(* For any suitable parameters $(m,q,d,\tau)$, the shifted projection protocol $\Pi$ is informative: for every terminal execution $(H,\rho)$ of $\Pi$ and every agent $P$, there is no execution $(H',\rho)$ of $\Pi$ with $H'\ne H$ and $H'_P=H_P$.
   Context: Agents $\mathcal A=\{A,B_1,\dots,B_m\}$ speak in the order $A,B_1,\dots,B_m$. A distribution type is a vector $\tau=(\tau_P)_{P\in\mathcal A}$ of positive integers, $|\tau|=\sum_P\tau_P$; the deck $\Omega$ has $|\tau|$ cards; a deal of type $\tau$ is a partition $H=(H_P)_P$ of $\Omega$ with $|H_P|=\tau_P$. Suitable parameters: $m>1$, $q>m$ a prime power, $d>0$, $|\tau|=q^{d+1}$, $\tau_A=q^{d+1}-q^d$, $\tau_{B_k}>q^{d-1}$ for each $k\in[1,m]$. A transversal hyperplane $V\subseteq\mathbb F_q^{d+1}$ is $\{x: x_{d+1}=a_1x_1+\dots+a_dx_d+b\}$; $\sigma(V)=(a_1,\dots,a_d)$; $\pi$ projects $\mathbb F_q^{d+1}$ onto the first $d$ coordinates; $\pi^V_\downarrow(w)=\pi(w)+\sigma(V)$ for $w\in V$. Shifted projection protocol (tokens: maps $\Omega\to\mathbb F_q^{d+1}$ and subsets of $\mathbb F_q^d$; runs are finite token sequences, $\rho*a$ appends $a$): the maximal executions for deal $H$ are $(H,f,X_1,\dots,X_m)$ with $f:\Omega\to\mathbb F_q^{d+1}$ a bijection such that $V=\mathbb F_q^{d+1}\setminus f[H_A]$ is a transversal hyperplane and $X_k=\pi^V_\downarrow[f[H_{B_k}]]$ for each $k$. $\Pi(H,\rho)$ is the set of tokens $a$ such that $(H,\rho*a)$ is an initial segment of a maximal execution. An execution is $(H,a_0,\dots,a_n)$ with $a_k\in\Pi(H,a_0,\dots,a_{k-1})$ for all $k$; it is terminal if $\Pi(H,\rho)=\emptyset$. *)

From HB Require Import structures.
From mathcomp Require Import all_boot all_order all_algebra all_field.
Set Implicit Arguments. Unset Strict Implicit. Unset Printing Implicit Defensive.
Import GRing.Theory.
Local Open Scope ring_scope.

(* Agents: [None] is A, [Some k] (k : 'I_m) is B_{k+1}.
   Speaking order A, B_1, ..., B_m. *)
Definition agent (m : nat) := option 'I_m.

Section ShiftedProjection.
Variables (F : finFieldType) (d m : nat) (Omega : finType).

Definition vecd1 := 'rV[F]_(d.+1).
Definition vecd := 'rV[F]_d.

Definition proj (x : 'rV[F]_(d.+1)) : 'rV[F]_d :=
  \row_(i < d) x 0 (widen_ord (leqnSn d) i).

Definition hyperplane (a : 'rV[F]_d) (b : F) : {set 'rV[F]_(d.+1)} :=
  [set x : 'rV[F]_(d.+1) |
     x 0 ord_max == \sum_(i < d) a 0 i * x 0 (widen_ord (leqnSn d) i) + b].

Definition is_deal (tau : agent m -> nat) (H : {ffun agent m -> {set Omega}}) : Prop :=
  [/\ forall P, #|H P| = tau P,
      forall P Q, P != Q -> [disjoint H P & H Q]
    & forall c : Omega, exists P, c \in H P].

Inductive token :=
  | TMap of {ffun Omega -> 'rV[F]_(d.+1)}
  | TSet of {set 'rV[F]_d}.

Definition run := seq token.

(* maximal executions (H, f, X_1, ..., X_m): V = F^{d+1} \ f[H_A] is the
   transversal hyperplane with coefficients (a, b), so sigma(V) = a, and
   X_k = pi_down^V [f[H_{B_k}]] = { pi(w) + a | w in f[H_{B_k}] }. *)
Definition maximal_run (H : {ffun agent m -> {set Omega}}) (r : run) : Prop :=
  exists (f : {ffun Omega -> 'rV[F]_(d.+1)}) (a : 'rV[F]_d) (b : F),
    [/\ bijective f,
        ~: (f @: H None) = hyperplane a b
      & r = TMap f :: [seq TSet [set proj (f c) + a | c in H (Some k)]
                      | k <- enum 'I_m]].

Definition Pi (H : {ffun agent m -> {set Omega}}) (rho : run) (a : token) : Prop :=
  exists s : run, maximal_run H (rcons rho a ++ s).

Definition is_execution (tau : agent m -> nat)
    (H : {ffun agent m -> {set Omega}}) (rho : run) : Prop :=
  is_deal tau H /\
  forall k, (k < size rho)%N -> Pi H (take k rho) (nth (TSet set0) rho k).

Definition is_terminal (H : {ffun agent m -> {set Omega}}) (rho : run) : Prop :=
  forall a, ~ Pi H rho a.

Definition informative (tau : agent m -> nat) : Prop :=
  forall (H : {ffun agent m -> {set Omega}}) (rho : run),
    is_execution tau H rho -> is_terminal H rho ->
    forall (P : agent m) (H' : {ffun agent m -> {set Omega}}),
      is_execution tau H' rho -> H' P = H P -> H' = H.

End ShiftedProjection.

Definition suitable (F : finFieldType) (m d : nat) (Omega : finType)
    (tau : agent m -> nat) : Prop :=
  let q := #|F| in
  [/\ (1 < m)%N /\ (m < q)%N /\ (0 < d)%N,
      forall P, (0 < tau P)%N,
      (\sum_(P : agent m) tau P)%N = (q ^ d.+1)%N /\ #|Omega| = (q ^ d.+1)%N,
      tau None = (q ^ d.+1 - q ^ d)%N
    & forall k : 'I_m, (q ^ d.-1 < tau (Some k))%N].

[What the task requires]
When copying the data above, keep every line exactly as written.

[Your response]
(* For any suitable parameters $(m,q,d,\tau)$, the shifted projection protocol $\Pi$ is informative: for every terminal execution $(H,\rho)$ of $\Pi$ and every agent $P$, there is no execution $(H',\rho)$ of $\Pi$ with $H'\ne H$ and $H'_P=H_P$.
   Context: Agents $\mathcal A=\{A,B_1,\dots,B_m\}$ speak in the order $A,B_1,\dots,B_m$. A distribution type is a vector $\tau=(\tau_P)_{P\in\mathcal A}$ of positive integers, $|\tau|=\sum_P\tau_P$; the deck $\Omega$ has $|\tau|$ cards; a deal of type $\tau$ is a partition $H=(H_P)_P$ of $\Omega$ with $|H_P|=\tau_P$. Suitable parameters: $m>1$, $q>m$ a prime power, $d>0$, $|\tau|=q^{d+1}$, $\tau_A=q^{d+1}-q^d$, $\tau_{B_k}>q^{d-1}$ for each $k\in[1,m]$. A transversal hyperplane $V\subseteq\mathbb F_q^{d+1}$ is $\{x: x_{d+1}=a_1x_1+\dots+a_dx_d+b\}$; $\sigma(V)=(a_1,\dots,a_d)$; $\pi$ projects $\mathbb F_q^{d+1}$ onto the first $d$ coordinates; $\pi^V_\downarrow(w)=\pi(w)+\sigma(V)$ for $w\in V$. Shifted projection protocol (tokens: maps $\Omega\to\mathbb F_q^{d+1}$ and subsets of $\mathbb F_q^d$; runs are finite token sequences, $\rho*a$ appends $a$): the maximal executions for deal $H$ are $(H,f,X_1,\dots,X_m)$ with $f:\Omega\to\mathbb F_q^{d+1}$ a bijection such that $V=\mathbb F_q^{d+1}\setminus f[H_A]$ is a transversal hyperplane and $X_k=\pi^V_\downarrow[f[H_{B_k}]]$ for each $k$. $\Pi(H,\rho)$ is the set of tokens $a$ such that $(H,\rho*a)$ is an initial segment of a maximal execution. An execution is $(H,a_0,\dots,a_n)$ with $a_k\in\Pi(H,a_0,\dots,a_{k-1})$ for all $k$; it is terminal if $\Pi(H,\rho)=\emptyset$. *)

From HB Require Import structures.
From mathcomp Require Import all_boot all_order all_algebra all_field.
Set Implicit Arguments. Unset Strict Implicit. Unset Printing Implicit Defensive.
Import GRing.Theory.
Local Open Scope ring_scope.

(* Agents: [None] is A, [Some k] (k : 'I_m) is B_{k+1}.
   Speaking order A, B_1, ..., B_m. *)
Definition agent (m : nat) := option 'I_m.

Section ShiftedProjection.
Variables (F : finFieldType) (d m : nat) (Omega : finType).

Definition vecd1 := 'rV[F]_(d.+1).
Definition vecd := 'rV[F]_d.

Definition proj (x : 'rV[F]_(d.+1)) : 'rV[F]_d :=
  \row_(i < d) x 0 (widen_ord (leqnSn d) i).

Definition hyperplane (a : 'rV[F]_d) (b : F) : {set 'rV[F]_(d.+1)} :=
  [set x : 'rV[F]_(d.+1) |
     x 0 ord_max == \sum_(i < d) a 0 i * x 0 (widen_ord (leqnSn d) i) + b].

Definition is_deal (tau : agent m -> nat) (H : {ffun agent m -> {set Omega}}) : Prop :=
  [/\ forall P, #|H P| = tau P,
      forall P Q, P != Q -> [disjoint H P & H Q]
    & forall c : Omega, exists P, c \in H P].

Inductive token :=
  | TMap of {ffun Omega -> 'rV[F]_(d.+1)}
  | TSet of {set 'rV[F]_d}.

Definition run := seq token.

(* maximal executions (H, f, X_1, ..., X_m): V = F^{d+1} \ f[H_A] is the
   transversal hyperplane with coefficients (a, b), so sigma(V) = a, and
   X_k = pi_down^V [f[H_{B_k}]] = { pi(w) + a | w in f[H_{B_k}] }. *)
Definition maximal_run (H : {ffun agent m -> {set Omega}}) (r : run) : Prop :=
  exists (f : {ffun Omega -> 'rV[F]_(d.+1)}) (a : 'rV[F]_d) (b : F),
    [/\ bijective f,
        ~: (f @: H None) = hyperplane a b
      & r = TMap f :: [seq TSet [set proj (f c) + a | c in H (Some k)]
                      | k <- enum 'I_m]].

Definition Pi (H : {ffun agent m -> {set Omega}}) (rho : run) (a : token) : Prop :=
  exists s : run, maximal_run H (rcons rho a ++ s).

Definition is_execution (tau : agent m -> nat)
    (H : {ffun agent m -> {set Omega}}) (rho : run) : Prop :=
  is_deal tau H /\
  forall k, (k < size rho)%N -> Pi H (take k rho) (nth (TSet set0) rho k).

Definition is_terminal (H : {ffun agent m -> {set Omega}}) (rho : run) : Prop :=
  forall a, ~ Pi H rho a.

Definition informative (tau : agent m -> nat) : Prop :=
  forall (H : {ffun agent m -> {set Omega}}) (rho : run),
    is_execution tau H rho -> is_terminal H rho ->
    forall (P : agent m) (H' : {ffun agent m -> {set Omega}}),
      is_execution tau H' rho -> H' P = H P -> H' = H.

End ShiftedProjection.

Definition suitable (F : finFieldType) (m d : nat) (Omega : finType)
    (tau : agent m -> nat) : Prop :=
  let q := #|F| in
  [/\ (1 < m)%N /\ (m < q)%N /\ (0 < d)%N,
      forall P, (0 < tau P)%N,
      (\sum_(P : agent m) tau P)%N = (q ^ d.+1)%N /\ #|Omega| = (q ^ d.+1)%N,
      tau None = (q ^ d.+1 - q ^ d)%N
    & forall k : 'I_m, (q ^ d.-1 < tau (Some k))%N].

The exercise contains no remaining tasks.